Henry Harris

Personal information
- Full name: Henry Edward Harris
- Born: 6 August 1854 Brighton, Sussex, England
- Died: 8 November 1923 (aged 69) Littlehampton, Sussex, England
- Batting: Right-handed
- Relations: Edwin Harris (son)

Domestic team information
- 1880: Hampshire

Career statistics
| Competition | First-class |
| Matches | 3 |
| Runs scored | 53 |
| Batting average | 10.60 |
| 100s/50s | –/– |
| Top score | 28 |
| Catches/stumpings | 1/– |
- Source: Cricinfo, 28 January 2010

= Henry Harris (English cricketer) =

English cricketer

Henry Edward Harris (6 August 1854 – 8 November 1923) was an English cricketer and cricket administrator.

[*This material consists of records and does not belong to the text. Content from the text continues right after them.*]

Lemma taylor_quot_bound_of_nodes (y : nat -> R) :
  (forall j, (j < n)%nat ->
     (INR j + 1 - th) * h <= y j <= (INR j + 1) * h /\ Cmod (f (y j)) < 3 / 2) ->
  forall t, 0 <= t <= tau -> Cmod (taylor_quot t) <= K / b.
Proof.
  intros Hy t Ht; destruct window_param_bounds as [Hh [Hth Hnh]]; pose proof INR_n_ge_1.
  set (w := taylor_quot t); pose proof (Cmod_ge_0 w).
  (* Interpolate the real polynomial [s |-> <w, taylor_quot s>], which equals [|w|^2] at [t]. *)
  set (c := fun k => dotC w (taylor_coef D 0 (S k))).
  assert (Hc : forall s, pev n c s = dotC w (taylor_quot s)) by (intros; apply pev_dotC).
  assert (Hnodes : forall j, (j < n)%nat -> Rabs (pev n c (y j)) * y j <= Cmod w * (5 / 2)).
  { intros j Hj; destruct (Hy j Hj) as [Hyj Hfy].
    assert (Hjn : INR j + 1 <= INR n) by (rewrite <- S_INR; apply le_INR; lia).
    pose proof (pos_INR j); pose proof (scaled_taylor_quot_le (y j) ltac:(nra)).
    rewrite Hc; eapply Rle_trans; [apply Rmult_le_compat_r; [nra | apply dotC_le_Cmod] |].
    rewrite Rmult_assoc, (Rmult_comm (Cmod (taylor_quot (y j)))).
    apply Rmult_le_compat_l; lra. }
  pose proof (pev_bound_from_nodes n y h th Hh ltac:(lra) (fun j Hj => proj1 (Hy j Hj))
                c (Cmod w * (5 / 2)) t ltac:(lra) Hnodes
                ltac:(pose proof tau_le_window_start; lra)) as Hinterp.
  rewrite Hc, dotC_self, Rabs_right in Hinterp by (apply Rle_ge, pow2_ge_0).
  pose proof window_shrink_pow_ge.
  destruct (Req_dec (Cmod w) 0) as [->|Hw0];
    [apply Rmult_le_pos; [apply K_nonneg | left; apply Rinv_0_lt_compat; lra] |].
  apply (Rmult_le_reg_l (Cmod w * (1 / 2 * h))); [nra|].
  replace (Cmod w * (1 / 2 * h) * (K / b)) with (Cmod w * (5 / 2 * 2 ^ n))
    by (unfold K; rewrite <- Hnh; field; lra).
  assert (Cmod w ^ 2 * (1 / 2 * h) <= Cmod w ^ 2 * ((1 - th) ^ S n * h))
    by (apply Rmult_le_compat_l; [apply pow2_ge_0 | nra]).
  fold w in Hinterp; nra.
Qed.

End Windows.

Lemma core_bound : core_const n * b <= J.
Proof.
  pose proof K_nonneg.
  replace (core_const n * b) with (4 / 9 * tau) by (unfold core_const, tau, K in *; field; lra).
  destruct (Nat.eq_dec n 0) as [En|En].
  - apply integral_ge_of_taylor_quot_bound; intros t Ht.
    unfold taylor_quot; rewrite En; replace (cpev 0 _ t) with (RtoC 0) by reflexivity; rewrite Cmod_0.
    apply Rmult_le_pos; [lra | left; apply Rinv_0_lt_compat; lra].
  - assert (Hn : (1 <= n)%nat) by lia.
    destruct (classic (exists j, (j < n)%nat /\ forall s,
      (INR j + 1 - / (4 * INR n)) * (b / INR n) <= s <= (INR j + 1) * (b / INR n) ->
      3 / 2 <= Cmod (f s))) as [[j [Hj Hlarge]] | Hsmall].
    + exact (integral_ge_of_large_window Hn j Hj Hlarge).
    + apply integral_ge_of_taylor_quot_bound.
      destruct (bounded_choice 0 (fun j s =>
        (INR j + 1 - / (4 * INR n)) * (b / INR n) <= s <= (INR j + 1) * (b / INR n) /\
        Cmod (f s) < 3 / 2) n) as [y Hy].
      { intros j Hj; apply NNPP; intros Hne; apply Hsmall; exists j; split; auto.
        intros s Hs; apply Rnot_lt_le; intros Hlt; apply Hne; exists s; auto. }
      exact (taylor_quot_bound_of_nodes Hn y Hy).
Qed.

End Core.

(** * Constants *)

Lemma exp_pow_INR x n : exp x ^ n = exp (INR n * x).
Proof.
  induction n; [simpl; rewrite Rmult_0_l, exp_0; reflexivity|].
  rewrite S_INR; simpl; rewrite IHn, <- exp_plus; f_equal; ring.
Qed.

Lemma one_plus_inv_pow_le_3 p : (1 <= p)%nat -> (1 + / INR p) ^ p <= 3.
Proof.
  intros Hp; assert (Hp0 : 0 < INR p) by (apply lt_0_INR; lia).
  apply Rle_trans with (exp (/ INR p) ^ p).
  - apply pow_incr; split; [pose proof (Rinv_0_lt_compat _ Hp0); lra | apply exp_ineq1_le].
  - rewrite exp_pow_INR, Rinv_r by lra; apply exp_le_3.
Qed.

Lemma fact_ge_pow p : (1 <= p)%nat -> 3 * (INR p / 3) ^ p <= INR (fact p).
Proof.
  induction p as [|p IH]; intros Hp; [lia|].
  destruct (Nat.eq_dec p 0) as [->|Hp0]; [simpl; lra|].
  assert (HP : 0 < INR p) by (apply lt_0_INR; lia).
  rewrite fact_simpl, mult_INR, S_INR.
  replace (3 * ((INR p + 1) / 3) ^ S p) with ((INR p + 1) * ((INR p + 1) / 3) ^ p)
    by (simpl; field).
  replace ((INR p + 1) / 3) with (INR p / 3 * (1 + / INR p)) by (field; lra).
  apply Rmult_le_compat_l; [lra|].
  rewrite Rpow_mult_distr; pose proof (one_plus_inv_pow_le_3 p ltac:(lia)).
  pose proof (IH ltac:(lia)); pose proof (pow_le (INR p / 3) p ltac:(lra)); nra.
Qed.

(* [72 * 2 ^ p = 9 * 4 ^ ((p + 3) / 2)] relates the second constant of the theorem
   to [core_const]. *)
Lemma fact_core_const_pow_ge_6 p : (1 <= p)%nat ->
  6 <= INR (fact p) * (72 * 2 ^ p * core_const (p - 1)) ^ p.
Proof.
  intros Hp; unfold core_const.
  destruct (Nat.eq_dec p 1) as [->|Hp1]; [simpl; lra|].
  set (n := (p - 1)%nat); assert (En : p = S n) by (unfold n; lia).
  assert (Hn : 1 <= INR n) by (apply (le_INR 1); unfold n; lia).
  pose proof (pow_R1_Rle 2 n ltac:(lra)).
  assert (Hq : 3 / INR n <= 72 * 2 ^ p * (4 / (27 * (5 * INR n * 2 ^ n + 1)))).
  { rewrite En; simpl (2 ^ S n).
    apply (Rmult_le_reg_r (INR n * (27 * (5 * INR n * 2 ^ n + 1)))); [nra|].
    replace (3 / INR n * (INR n * (27 * (5 * INR n * 2 ^ n + 1))))
      with (81 * (5 * INR n * 2 ^ n + 1)) by (field; lra).
    replace (72 * (2 * 2 ^ n) * (4 / (27 * (5 * INR n * 2 ^ n + 1))) *
             (INR n * (27 * (5 * INR n * 2 ^ n + 1)))) with (576 * 2 ^ n * INR n) by (field; nra).
    nra. }
  assert (H3 : 0 <= 3 / INR n) by (apply Rmult_le_pos; [lra | left; apply Rinv_0_lt_compat; lra]).
  apply Rle_trans with (INR (fact p) * (3 / INR n) ^ p).
  2:{ apply Rmult_le_compat_l; [left; apply INR_fact_lt_0 | apply pow_incr; auto]. }
  apply Rle_trans with (3 * (INR p / 3) ^ p * (3 / INR n) ^ p).
  2:{ apply Rmult_le_compat_r; [apply pow_le; auto | apply fact_ge_pow; auto]. }
  rewrite Rmult_assoc, <- Rpow_mult_distr.
  replace (INR p / 3 * (3 / INR n)) with (1 + / INR n) by (rewrite En, S_INR; field; lra).
  assert (Hinv : 0 < / INR n) by (apply Rinv_0_lt_compat; lra).
  pose proof (Rle_pow_lin (/ INR n) p ltac:(lra)).
  assert (INR p * / INR n >= 1) by (rewrite En, S_INR, Rmult_plus_distr_r, Rinv_r by lra; lra).
  lra.
Qed.

Lemma Rpower_pos x y : 0 < Rpower x y.
Proof. apply exp_pos. Qed.

Lemma core_const_first_regime p s : (1 <= p)%nat -> 0 < s ->
  s / 9 * Rpower 4 (- INR p - 5 / 2) <= core_const (p - 1) * (/ 2 * s).
Proof.
  intros Hp Hs; unfold core_const; set (n := (p - 1)%nat).
  assert (Hsqrt4 : Rpower 4 (/ 2) = 2).
  { rewrite Rpower_sqrt by lra; replace 4 with (2 * 2) by ring; apply sqrt_square; lra. }
  replace (Rpower 4 (- INR p - 5 / 2)) with (/ (32 * (2 ^ n * 2 ^ n) * 4)).
  2:{ replace (- INR p - 5 / 2) with (- (INR n + INR 3 + / 2))
        by (unfold n; rewrite minus_INR by lia; simpl; field).
      rewrite Rpower_Ropp, !Rpower_plus, Hsqrt4, !Rpower_pow by lra.
      replace (4 ^ n) with (2 ^ n * 2 ^ n) by (rewrite <- Rpow_mult_distr; f_equal; ring).
      simpl; f_equal; ring. }
  pose proof (INR_le_pow2 n); pose proof (pow_R1_Rle 2 n ltac:(lra)).
  pose proof (pos_INR n).
  apply (Rmult_le_reg_r (27 * (5 * INR n * 2 ^ n + 1) * (32 * (2 ^ n * 2 ^ n) * 4) * 18 / s)).
  { apply Rdiv_lt_0_compat; [repeat apply Rmult_lt_0_compat|]; nra. }
  replace (s / 9 * / (32 * (2 ^ n * 2 ^ n) * 4) *
           (27 * (5 * INR n * 2 ^ n + 1) * (32 * (2 ^ n * 2 ^ n) * 4) * 18 / s))
    with (54 * (5 * INR n * 2 ^ n + 1)) by (field; split; nra).
  replace (4 / (27 * (5 * INR n * 2 ^ n + 1)) * (/ 2 * s) *
           (27 * (5 * INR n * 2 ^ n + 1) * (32 * (2 ^ n * 2 ^ n) * 4) * 18 / s))
    with (4608 * (2 ^ n * 2 ^ n)) by (field; split; nra).
  nra.
Qed.

Lemma ln_le_compat x y : 0 < x -> x <= y -> ln x <= ln y.
Proof.
  intros Hx [Hxy | <-]; [left; apply ln_increasing; auto | lra].
Qed.

Lemma le_of_ln_le x y : 0 < x -> 0 < y -> ln x <= ln y -> x <= y.
Proof.
  intros Hx Hy Hln; apply Rnot_lt_le; intros Hlt.
  pose proof (ln_increasing y x Hy Hlt); lra.
Qed.

Lemma core_const_second_regime p lam Cp : (1 <= p)%nat -> 0 < lam -> 0 < Cp ->
  Rpower lam (- / 2) / 9 *
    (Rpower 4 (- ((INR p + 3) / 2)) * Rpower 6 (/ INR p)
     * Rpower Cp (- / INR p) * Rpower lam (- / INR p))
  <= core_const (p - 1) * Rpower (INR (fact p) / (Cp * Rpower lam (INR p / 2 + 1))) (/ INR p).
Proof.
  intros Hp Hlam HCp.
  assert (Hp0 : 0 < INR p) by (apply lt_0_INR; lia).
  assert (HQ : 0 < core_const (p - 1)).
  { unfold core_const; pose proof (pos_INR (p - 1)); pose proof (pow_le 2 (p - 1) ltac:(lra)).
    apply Rdiv_lt_0_compat; nra. }
  assert (HM : 0 < Cp * Rpower lam (INR p / 2 + 1)) by (apply Rmult_lt_0_compat; auto; apply Rpower_pos).
  pose proof (INR_fact_lt_0 p).
  set (W := INR (fact p) * (72 * 2 ^ p * core_const (p - 1)) ^ p).
  assert (HW : 0 < 72 * 2 ^ p * core_const (p - 1))
    by (pose proof (pow_lt 2 p ltac:(lra)); apply Rmult_lt_0_compat; lra).
  assert (Hln6 : ln 6 <= ln W) by (apply ln_le_compat; [lra | apply fact_core_const_pow_ge_6; auto]).
  assert (H2p : 0 < 2 ^ p) by (apply pow_lt; lra).
  assert (HlnW : ln W = ln (INR (fact p)) + INR p * (ln 72 + INR p * ln 2 + ln (core_const (p - 1)))).
  { unfold W; rewrite ln_mult, ln_pow by (auto || apply pow_lt; auto).
    rewrite ln_mult, ln_mult, ln_pow by (auto || lra); reflexivity. }
  assert (Hln72 : ln 72 = ln 9 + 3 * ln 2)
    by (replace 72 with (9 * 2 ^ 3) by ring; rewrite ln_mult, ln_pow by lra; simpl; ring).
  assert (Hln4 : ln 4 = 2 * ln 2)
    by (replace 4 with (2 ^ 2) by ring; rewrite ln_pow by lra; simpl; ring).
  apply le_of_ln_le; [repeat apply Rmult_lt_0_compat; try apply Rpower_pos; lra |
                      apply Rmult_lt_0_compat; [auto | apply Rpower_pos] |].
  unfold Rdiv.
  repeat rewrite ?ln_mult, ?ln_Rinv, ?ln_Rpower
    by (repeat first [assumption | apply Rmult_lt_0_compat | apply Rinv_0_lt_compat | apply Rpower_pos | lra]).
  match goal with |- ?lhs <= ?rhs =>
    assert (Hgap : rhs - lhs = / INR p * (ln W - ln 6))
      by (rewrite HlnW, Hln72, Hln4; field; lra) end.
  assert (0 <= / INR p * (ln W - ln 6))
    by (apply Rmult_le_pos; [left; apply Rinv_0_lt_compat | ]; lra).
  lra.
Qed.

Harris was born at Brighton in August 1854, where he was privately educated. He was associated with Brighton Cricket Club, where he was its honorary secretary in 1875 and 1876. Relocating to Hampshire, Wheeler made three appearances in first-class cricket for Hampshire in 1880, making two appearances against Sussex and one against the Marylebone Cricket Club. He scored 53 runs in these matches, with a highest score of 28. He later returned to live in Sussex, where he was an honorary secretary of Littlehampton Cricket Club and served on the Sussex committee. Harris died at Littlehampton in November 1923. His son, Edwin, also played first-class cricket.